Raydium, die führende Solana-basierte dezentrale Börse und automatisierte Market Maker, hat einen Exploit in Höhe von 1,34 Millionen US-Dollar offengelegt, der auf ein stillgelegtes AMM-Programm abzie
Analyse des Vorfalls
Raydium, die führende Solana-basierte dezentrale Börse und automatisierte Market Maker, hat einen Exploit in Höhe von 1,34 Millionen US-Dollar offengelegt, der auf ein stillgelegtes AMM-Programm abzielte – wobei die Treasury des Protokolls einsprang, um alle Nutzerverluste zu decken. Obwohl kleiner als der bestätigte Vorfall vom Dezember 2022 (den CertiK auf insgesamt etwa 5,5 Millionen US-Dollar geschätzt hat), folgt dieser jüngste Einbruch einem beunruhigend vertrauten Muster: Schwachstellen in Admin-Autoritätsstrukturen und veraltetem Contract-Code, die eine unbefugte Geldabhebung ermöglichen.
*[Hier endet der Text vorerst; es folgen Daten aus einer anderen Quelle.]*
(* Let $G$ be a chordal graph and let $\mathcal{H}'=(V',\mathcal{E}')$ be a Berge-acyclic subhypergraph of $\mathcal{H}(G)$. If $F_1,\dots,F_k$ are the connected components of $G[\mathcal{E}']$, then each $F_i$ is a cactus and every cycle of each $F_i$ is a $3$-cycle.
   Context: All graphs are finite, simple and undirected. A graph is chordal if it has no induced cycle of length greater than $3$. A cactus is a connected graph in which every edge lies in at most one cycle. A hypergraph is a pair $(V,\mathcal{E})$ with $V$ finite and $\mathcal{E}$ a set of nonempty subsets of $V$; a subhypergraph $(V',\mathcal{E}')$ has $V'\subseteq V$, $\mathcal{E}'\subseteq\mathcal{E}$. A Berge-cycle is a sequence $(E_1,x_1,\dots,E_n,x_n)$, $n\ge 2$, of distinct hyperedges $E_i$ and distinct vertices $x_i$ with $x_i\in E_i\cap E_{i+1}$ for all $i$ (indices mod $n$); a hypergraph is Berge-acyclic if it has no Berge-cycle. For a graph $G=(V,E)$, $\mathcal{H}(G)=(V,\mathcal{E})$ is the hypergraph whose hyperedges are exactly the $3$-element vertex sets inducing a triangle in $G$. For $\mathcal{E}'\subseteq\mathcal{E}$, $G[\mathcal{E}']$ is the graph whose vertices are the vertices occurring in hyperedges of $\mathcal{E}'$ and in which $u,v$ are adjacent iff $\{u,v\}\subseteq e$ for some $e\in\mathcal{E}'$. *)

From mathcomp Require Import all_boot.
Set Implicit Arguments. Unset Strict Implicit. Unset Printing Implicit Defensive.

Section Defs.
Variable T : finType.

Definition simple_graph (e : rel T) : Prop := symmetric e /\ irreflexive e.

Definition long_induced_cycle (e : rel T) (s : seq T) : bool :=
  [&& uniq s, 4 <= size s, cycle e s &
      all (fun x => all (fun y => e x y ==> ((next s x == y) || (prev s x == y))) s) s].

Definition chordal (e : rel T) : Prop := forall s : seq T, ~~ long_induced_cycle e s.

Definition triangle (e : rel T) (A : {set T}) : bool :=
  (#|A| == 3) && [forall x in A, forall y in A, (x != y) ==> e x y].

Definition tri_hyperedges (e : rel T) : {set {set T}} := [set A | triangle e A].

Definition sub_hypergraph_H (e : rel T) (V' : {set T}) (E' : {set {set T}}) : Prop :=
  E' \subset tri_hyperedges e /\ (forall A, A \in E' -> A \subset V').

(* Berge-cycle (E_1,x_1,...,E_n,x_n), n >= 2, given as Es = [E_1..E_n], xs = [x_1..x_n]
   (indices mod n); the default x0 of nth is irrelevant since i < size xs *)
Definition berge_cycle (E' : {set {set T}}) (Es : seq {set T}) (xs : seq T) : Prop :=
  [/\ 2 <= size Es, size xs = size Es, uniq Es & uniq xs] /\
  all (fun A => A \in E') Es /\ (
      forall (i : nat) (x0 : T), i < size Es ->
        (nth x0 xs i \in nth set0 Es i) /\
        (nth x0 xs i \in nth set0 Es (i.+1 %% size Es))).

Definition berge_acyclic (E' : {set {set T}}) : Prop :=
  forall Es xs, ~ berge_cycle E' Es xs.

Definition GE_vertices (E' : {set {set T}}) : {set T} := \bigcup_(A in E') A.
Definition GE_adj (E' : {set {set T}}) : rel T :=
  fun u v => (u != v) && [exists A in E', (u \in A) && (v \in A)].

(* graphs given by a vertex set V and an adjacency r (only used inside V) *)
Definition restr (V : {set T}) (r : rel T) : rel T :=
  fun u v => [&& u \in V, v \in V & r u v].

(* connected component of x in (V, r), as a vertex set; its edges are those of r *)
Definition component (V : {set T}) (r : rel T) (x : T) : {set T} :=
  [set y in V | connect (restr V r) x y].

Definition is_cycle (V : {set T}) (r : rel T) (s : seq T) : bool :=
  [&& uniq s, 3 <= size s, all (fun x => x \in V) s & cycle r s].

Definition cycle_edges (s : seq T) : {set {set T}} := [set [set x; next s x] | x in s].

Definition connected_graph (V : {set T}) (r : rel T) : Prop :=
  forall x y, x \in V -> y \in V -> connect (restr V r) x y.

Definition cactus (V : {set T}) (r : rel T) : Prop :=
  connected_graph V r /\
  forall (u v : T) (s1 s2 : seq T),
    u \in V -> v \in V -> r u v ->
    is_cycle V r s1 -> is_cycle V r s2 ->
    [set u; v] \in cycle_edges s1 -> [set u; v] \in cycle_edges s2 ->
    cycle_edges s1 = cycle_edges s2.
End Defs.

From mathcomp Require Import all_boot.
Set Implicit Arguments. Unset Strict Implicit. Unset Printing Implicit Defensive.

(* Every cycle of G[E'] lies inside a single hyperedge.  Choosing for each edge of the
   cycle a hyperedge containing it gives a closed walk (E_1, x_1, ..., E_n, x_n) with
   distinct x_i; if the E_i are distinct it is a Berge-cycle, and otherwise splitting it
   at a repeated hyperedge gives two shorter closed walks, so by induction all E_i
   coincide.  Since hyperedges are triangles, every cycle is a 3-cycle spanning a
   hyperedge, and two cycles through a common edge span hyperedges sharing two vertices,
   which Berge-acyclicity forces to be equal. *)


Lemma cycle_nth (X : Type) (r : rel X) (p : seq X) x0 i :
  cycle r p -> i < size p -> r (nth x0 p i) (nth x0 p (i.+1 %% size p)).
Proof.
case: p => [|a p] //= cyc lt_i.
have := pathP x0 cyc i; rewrite size_rcons -rcons_cons !nth_rcons /= lt_i => /(_ isT).
rewrite ltnS in lt_i; case: ltngtP lt_i => // [lt_ip | ->] _; first by rewrite modn_small.
by rewrite modnn.
Qed.

Lemma map_not_uniq_split (X Y : eqType) (f : X -> Y) (p : seq X) :
  ~~ uniq (map f p) ->
  exists s1 a s2 b s3, p = s1 ++ a :: s2 ++ b :: s3 /\ f a = f b.
Proof.
elim: p => [|y t IHt] //=; rewrite negb_and negbK.
case/orP=> [/mapP[b tb fyb] | /IHt[s1 [a [s2 [b [s3 [-> fab]]]]]]].
  by case/splitPr: tb => s2 s3; exists [::], y, s2, b, s3.
by exists (y :: s1), a, s2, b, s3.
Qed.

Section BergeAcyclic.
Variables (T : finType) (E' : {set {set T}}).

(* A closed walk [:: (E_1, x_1); ...; (E_n, x_n)] has x_i in E_i and E_(i+1) (indices
   mod n) and distinct x_i: it is a Berge-cycle except that the E_i may repeat. *)
Definition hlink (a b : {set T} * T) : bool := (a.2 \in a.1) && (a.2 \in b.1).

Definition closed_walk (p : seq ({set T} * T)) : bool :=
  [&& cycle hlink p, all (fun a => a.1 \in E') p & uniq (map snd p)].

Lemma closed_walk_rot n p : closed_walk (rot n p) = closed_walk p.
Proof.
rewrite /closed_walk rot_cycle map_rot rot_uniq.
by have /perm_all-> : perm_eq (rot n p) p by rewrite perm_rot.
Qed.

Lemma closed_walk_split a b s1 s2 : a.1 = b.1 ->
  closed_walk (a :: s1 ++ b :: s2) -> closed_walk (a :: s1) && closed_walk (b :: s2).
Proof.
move=> ab /and3P[cyc inE' uniq_p].
have link_ab x : hlink x a = hlink x b by rewrite /hlink ab.
move: cyc inE' uniq_p; rewrite /closed_walk /= rcons_cat cat_path /= !rcons_path.
rewrite all_cat map_cat cat_uniq mem_cat negb_or /=.
case/and4P=> -> lab -> la /and4P[-> -> -> ->] /and5P[/andP[-> _] -> _ -> ->].
by rewrite link_ab lab -link_ab la.
Qed.

Lemma closed_walk_berge_cycle p : closed_walk p -> 2 <= size p ->
  uniq (map fst p) -> berge_cycle E' (map fst p) (map snd p).
Proof.
case/and3P=> cyc inE' uniq_p size_p uniq_E.
split; first by rewrite !size_map.
split; first by rewrite all_map.
move=> i x0; rewrite size_map => lt_i.
have mod_lt : i.+1 %% size p < size p by rewrite ltn_mod; case: (p) size_p.
rewrite !(nth_map (set0, x0)) //.
exact/andP/(cycle_nth (set0, x0) cyc lt_i).
Qed.

Hypothesis acyclic : berge_acyclic E'.

Lemma closed_walk_const p : closed_walk p -> {in p &, forall a b, a.1 = b.1}.
Proof.
elim: {p}_.+1 {-2}p (ltnSn (size p)) => // n IHn p size_p walk_p.
have [uniq_E | /map_not_uniq_split[s1 [a [s2 [b [s3 [def_p ab]]]]]]] :=
  boolP (uniq (map fst p)).
  have [size_le1 | size_ge2] := leqP (size p) 1.
    by case: p size_le1 {size_p walk_p uniq_E} => [|c [|]] // _ x y; rewrite !inE => /eqP-> /eqP->.
  by case: (acyclic (closed_walk_berge_cycle walk_p size_ge2 uniq_E)).
have rot_p : rot (size s1) p = (a :: s2) ++ (b :: s3 ++ s1).
  by rewrite def_p rot_size_cat /= -catA.
have walk_q : closed_walk (a :: s2 ++ b :: s3 ++ s1).
  by rewrite -cat_cons -rot_p closed_walk_rot.
have mem_p x : x \in p = (x \in a :: s2) || (x \in b :: s3 ++ s1).
  by rewrite -mem_cat -rot_p mem_rot.
have size_q : size p = size (a :: s2) + size (b :: s3 ++ s1).
  by rewrite -size_cat -rot_p size_rot.
have lt_1 : size (a :: s2) < n.
  by rewrite -ltnS (leq_trans _ size_p) // size_q ltnS -[X in X < _]addn0 ltn_add2l.
have lt_2 : size (b :: s3 ++ s1) < n.
  by rewrite -ltnS (leq_trans _ size_p) // size_q ltnS -[X in X < _]add0n ltn_add2r.
case/andP: (closed_walk_split ab walk_q) => /(IHn _ lt_1) const_1 /(IHn _ lt_2) const_2.
have {}const_1 x : x \in a :: s2 -> x.1 = a.1 by move/const_1; apply; apply: mem_head.
have {}const_2 x : x \in b :: s3 ++ s1 -> x.1 = a.1.
  by rewrite ab; move/const_2; apply; apply: mem_head.
by move=> x y; rewrite !mem_p => /orP[/const_1 | /const_2]-> /orP[/const_1 | /const_2]->.
Qed.

Lemma cycle_sub_hyperedge s : uniq s -> s != [::] -> cycle (GE_adj E') s ->
  exists2 A, A \in E' & {subset s <= A}.
Proof.
move=> uniq_s s_n0 cyc.
pose f u := odflt set0 [pick A in E' | (u \in A) && (next s u \in A)].
have f_edge u : u \in s -> [&& f u \in E', u \in f u & next s u \in f u].
  move=> s_u; case/andP: (next_cycle cyc s_u) => _ /existsP[A /andP[E'A uvA]].
  rewrite /f; case: pickP => [B /andP[-> ->] // | no_pick].
  by have := no_pick A; rewrite E'A uvA.
pose p := [seq (f u, next s u) | u <- s].
have walk_p : closed_walk p.
  apply/and3P; split.
  - rewrite cycle_map; apply: (cycle_from_next uniq_s) => u s_u.
    rewrite /hlink /=; have s_nu : next s u \in s by rewrite mem_next.
    by case/and3P: (f_edge u s_u) => _ _ ->; case/and3P: (f_edge _ s_nu) => _ ->.
  - by apply/allP=> _ /mapP[u s_u ->]; case/and3P: (f_edge u s_u).
  - by rewrite -map_comp map_inj_uniq //; apply: (can_inj (prev_next uniq_s)).
have [u0 s_u0] : exists u0, u0 \in s by case: (s) s_n0 => // u0 t _; exists u0; apply: mem_head.
exists (f u0); first by case/and3P: (f_edge u0 s_u0).
move=> u s_u; have p_u : (f u, next s u) \in p by apply/mapP; exists u.
have p_u0 : (f u0, next s u0) \in p by apply/mapP; exists u0.
have /= <- := closed_walk_const walk_p p_u p_u0.
by case/and3P: (f_edge u s_u).
Qed.

Lemma berge_acyclic_linear A1 A2 u v : A1 \in E' -> A2 \in E' -> u != v ->
  [set u; v] \subset A1 -> [set u; v] \subset A2 -> A1 = A2.
Proof.
move=> E'A1 E'A2 uv /subsetP uvA1 /subsetP uvA2; apply/eqP/negP => /negP A12.
apply: (acyclic (Es := [:: A1; A2]) (xs := [:: u; v])).
split; first by rewrite /= !inE A12 uv.
split; first by rewrite /= E'A1 E'A2.
have [u_uv v_uv] : u \in [set u; v] /\ v \in [set u; v] by rewrite !inE !eqxx orbT.
by move=> [|[|i]] x0 //= _; rewrite ?uvA1 ?uvA2.
Qed.

Hypothesis three_uniform : {in E', forall A : {set T}, #|A| = 3}.

Lemma cycle_size3 V s : is_cycle V (GE_adj E') s -> size s = 3 /\ [set x in s] \in E'.
Proof.
case/and4P=> uniq_s size_s _ cyc.
have s_n0 : s != [::] by case: (s) size_s.
have [A E'A sA] := cycle_sub_hyperedge uniq_s s_n0 cyc.
have sub : [set x in s] \subset A by apply/subsetP=> y; rewrite inE; apply: sA.
have card_s : #|[set x in s]| = size s by rewrite cardsE; apply/card_uniqP.
have size3 : size s = 3.
  by apply/eqP; rewrite eqn_leq size_s -(three_uniform E'A) -card_s subset_leq_card.
suff -> : [set x in s] = A by [].
by apply/eqP; rewrite eqEcard sub card_s size3 three_uniform.
Qed.

End BergeAcyclic.

Lemma mem_cycle_edges3 (T : finType) (s : seq T) y z :
  uniq s -> size s = 3 -> y \in s -> z \in s -> y != z -> [set y; z] \in cycle_edges s.
Proof.
case: s => [|a [|b [|c [|]]]] //= /[swap] _ uniq_abc.
have edge x : x \in [:: a; b; c] -> [set x; next [:: a; b; c] x] \in cycle_edges [:: a; b; c].
  by move=> abc_x; apply: imset_f.
have [/edge Eab /edge Ebc /edge Eca] : [/\ a \in [:: a; b; c], b \in [:: a; b; c] & c \in [:: a; b; c]].
  by rewrite !inE !eqxx !orbT.
move: uniq_abc Eab Ebc Eca; rewrite /next /= !inE negb_or andbT => /andP[/andP[ab ac] bc].
rewrite eqxx (eq_sym b) (eq_sym c a) (eq_sym c b) (negbTE ab) (negbTE ac) (negbTE bc) /= !eqxx.
move=> Eab Ebc Eca.
case/or3P=> /eqP-> /or3P[] /eqP->; rewrite ?eqxx // => _; by [| rewrite setUC].
Qed.

Lemma cycle_edges_sub (T : finType) (s : seq T) B : B \in cycle_edges s -> B \subset [set x in s].
Proof.
by case/imsetP=> x s_x ->; apply/subsetP=> y; rewrite !inE => /orP[]/eqP->; rewrite ?mem_next.
Qed.

Lemma cycle_edges_sub3 (T : finType) V (E' : {set {set T}}) s1 s2 :
  is_cycle V (GE_adj E') s1 -> uniq s2 -> size s2 = 3 -> {subset s1 <= s2} ->
  cycle_edges s1 \subset cycle_edges s2.
Proof.
case/and4P=> _ _ _ cyc uniq_s2 size_s2 s12; apply/subsetP=> _ /imsetP[x s1x ->].
have /andP[x_nx _] := next_cycle cyc s1x.
by apply: mem_cycle_edges3; rewrite ?s12 ?mem_next.
Qed.

Lemma GE_adj_sym (T : finType) (E' : {set {set T}}) : symmetric (GE_adj E').
Proof.
move=> u v; rewrite /GE_adj eq_sym; congr andb.
by apply/existsP/existsP=> -[A /and3P[E'A uA vA]]; exists A; rewrite E'A uA vA.
Qed.

Lemma component_connected (T : finType) (V : {set T}) (r : rel T) x :
  symmetric r -> x \in V -> connected_graph (component V r x) r.
Proof.
set F := component V r x => sym_r Vx.
have lift p y : y \in F -> path (restr V r) y p -> path (restr F r) y p.
  elim: p y => //= z p IHp y Fy /andP[yz pth].
  have Fz : z \in F.
    case/and3P: (yz) => _ Vz _; rewrite inE Vz.
    by case/setIdP: Fy => _ /connect_trans->; rewrite ?connect1.
  by rewrite IHp // andbT /restr Fy Fz; case/and3P: yz.
have conn_x y : y \in F -> connect (restr F r) x y.
  move=> Fy; have := Fy; rewrite inE => /andP[_ /connectP[p pth def_y]].
  by apply/connectP; exists p; rewrite // lift // inE Vx connect0.
have sym_F : connect_sym (restr F r).
  by apply: sym_connect_sym => u v; rewrite /restr sym_r andbCA.
by move=> y z Fy Fz; rewrite (connect_trans _ (conn_x z Fz)) // sym_F conn_x.
Qed.

Theorem mainTheorem8 (T : finType) (e : rel T) (V' : {set T}) (E' : {set {set T}}) :
  simple_graph e -> chordal e ->
  sub_hypergraph_H e V' E' -> berge_acyclic E' ->
  forall x : T, x \in GE_vertices E' ->
    let F := component (GE_vertices E') (GE_adj E') x in
    cactus F (GE_adj E') /\
    (forall s : seq T, is_cycle F (GE_adj E') s -> size s = 3).
Proof.
move=> _ _ [/subsetP sub_tri _] acyclic x Vx F.
have three_uniform : {in E', forall A : {set T}, #|A| = 3}.
  by move=> A /sub_tri; rewrite inE => /andP[/eqP].
have cycle3 := cycle_size3 acyclic three_uniform.
split; last by move=> s /cycle3[].
split; first exact: component_connected (GE_adj_sym E') Vx.
move=> u v s1 s2 _ _ /andP[uv _] cyc1 cyc2 /cycle_edges_sub uv_s1 /cycle_edges_sub uv_s2.
have [[size1 E'1] [size2 E'2]] := (cycle3 _ _ cyc1, cycle3 _ _ cyc2).
have s12 : [set y in s1] = [set y in s2] := berge_acyclic_linear acyclic E'1 E'2 uv uv_s1 uv_s2.
have mem_s12 y : (y \in s1) = (y \in s2) by rewrite -[LHS]inE s12 inE.
have [uniq1 uniq2] : uniq s1 /\ uniq s2 by case/and4P: cyc1; case/and4P: cyc2.
by apply/eqP; rewrite eqEsubset !(cycle_edges_sub3 cyc1, cycle_edges_sub3 cyc2) // => y;
  rewrite mem_s12.
Qed.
Das entscheidende Detail hier ist das Ziel – ein *stillgelegtes* AMM-Programm. Dies signalisiert, dass die Angriffsfläche von Raydium über seine aktiven Verträge hinaus in stillgelegte Legacy-Codes reicht, die offenbar zugängliche Gelder behielten. Wie in den Post-Mortems früherer Raydium-Exploits dokumentiert, lassen sich die Grundursachen wiederholt auf die zentralisierte Kontrolle der Admin-Schlüssel und die Upgrade-Autorität zurückführen – strukturelle Schwächen, die die breitere DeFi Structural Reset These konsequent als sektorweite Verbindlichkeiten gekennzeichnet hat. Der Exploit verstärkt die Argumentation in unserem DeFi Reset 2026 Guide, dass Protokolle mit schlecht segmentierten Legacy-Verträgen anfällig bleiben, lange nachdem sie als stillgelegt gelten.
Die Treasury-Rückendeckung ist ein zweischneidiges Signal. Einerseits schützt Raydiums Engagement, die Nutzer schadlos zu halten, den Franchise-Wert und die LPs – eine glaubwürdige Maßnahme. Andererseits erschöpft es direkt die DAO-Treasury, die zukünftige RAY-Rückkäufe, LP-Anreize und Sicherheitsausgaben finanziert. Wie in unserem DeFi Protocol Exploits Resolution Guide dargelegt, wandeln von der Treasury abgedeckte Verluste den Schaden für die Nutzer in eine Haftung für die Token-Inhaber um – eine Übertragung, die die Märkte typischerweise in den nativen Token einpreisen. Für ein Protokoll mit einem früheren größeren Exploit auf seiner Bilanz birgt dieser zweite Vorfall – wie klein auch immer – das Risiko, einen strukturellen Risikoprämie auf RAY zu verankern, die Wettbewerber ausnutzen könnten.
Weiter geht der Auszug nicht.